What to produce: A single number is the required answer: the count of lines in the listing below that hold the string "realType".

Records for the exercise:
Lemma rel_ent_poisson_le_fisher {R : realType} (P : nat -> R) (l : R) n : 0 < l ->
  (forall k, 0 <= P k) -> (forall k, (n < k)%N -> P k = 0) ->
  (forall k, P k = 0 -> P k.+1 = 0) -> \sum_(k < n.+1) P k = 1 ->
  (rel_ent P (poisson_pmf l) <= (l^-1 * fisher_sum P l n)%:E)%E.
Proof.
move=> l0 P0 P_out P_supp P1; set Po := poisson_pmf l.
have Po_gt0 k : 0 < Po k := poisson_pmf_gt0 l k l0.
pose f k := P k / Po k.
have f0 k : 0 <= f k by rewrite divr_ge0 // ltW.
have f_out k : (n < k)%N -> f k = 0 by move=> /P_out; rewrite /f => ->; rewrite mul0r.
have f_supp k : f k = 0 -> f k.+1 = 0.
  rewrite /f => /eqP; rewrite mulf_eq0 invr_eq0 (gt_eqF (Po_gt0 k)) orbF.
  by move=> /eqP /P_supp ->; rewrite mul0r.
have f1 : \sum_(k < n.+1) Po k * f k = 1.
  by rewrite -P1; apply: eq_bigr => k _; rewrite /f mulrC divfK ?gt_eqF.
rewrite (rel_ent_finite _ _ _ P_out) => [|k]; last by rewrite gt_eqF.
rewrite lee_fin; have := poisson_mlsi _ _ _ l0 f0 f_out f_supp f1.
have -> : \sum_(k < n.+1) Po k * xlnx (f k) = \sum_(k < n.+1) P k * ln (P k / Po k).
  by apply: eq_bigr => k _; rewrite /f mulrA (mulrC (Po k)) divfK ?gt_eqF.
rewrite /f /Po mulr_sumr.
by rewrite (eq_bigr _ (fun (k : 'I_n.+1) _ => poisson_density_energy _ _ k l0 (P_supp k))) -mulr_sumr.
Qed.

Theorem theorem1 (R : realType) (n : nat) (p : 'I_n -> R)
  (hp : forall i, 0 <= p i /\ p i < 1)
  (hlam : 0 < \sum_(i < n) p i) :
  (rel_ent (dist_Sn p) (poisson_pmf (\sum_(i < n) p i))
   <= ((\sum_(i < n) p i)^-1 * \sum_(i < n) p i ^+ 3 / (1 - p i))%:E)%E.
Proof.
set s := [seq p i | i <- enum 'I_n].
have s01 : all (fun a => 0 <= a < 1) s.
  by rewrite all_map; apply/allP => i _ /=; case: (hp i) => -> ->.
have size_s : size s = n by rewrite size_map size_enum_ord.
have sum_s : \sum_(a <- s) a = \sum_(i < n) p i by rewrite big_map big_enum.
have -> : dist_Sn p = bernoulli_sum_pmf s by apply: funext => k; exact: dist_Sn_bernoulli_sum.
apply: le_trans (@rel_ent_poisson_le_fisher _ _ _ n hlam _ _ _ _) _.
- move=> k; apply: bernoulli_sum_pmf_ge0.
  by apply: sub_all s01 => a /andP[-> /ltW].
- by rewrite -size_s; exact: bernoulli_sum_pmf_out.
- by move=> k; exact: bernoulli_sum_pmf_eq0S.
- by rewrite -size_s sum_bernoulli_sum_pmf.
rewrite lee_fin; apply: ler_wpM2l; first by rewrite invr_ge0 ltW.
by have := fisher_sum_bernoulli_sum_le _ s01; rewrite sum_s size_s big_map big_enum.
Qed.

Reply to the task: 2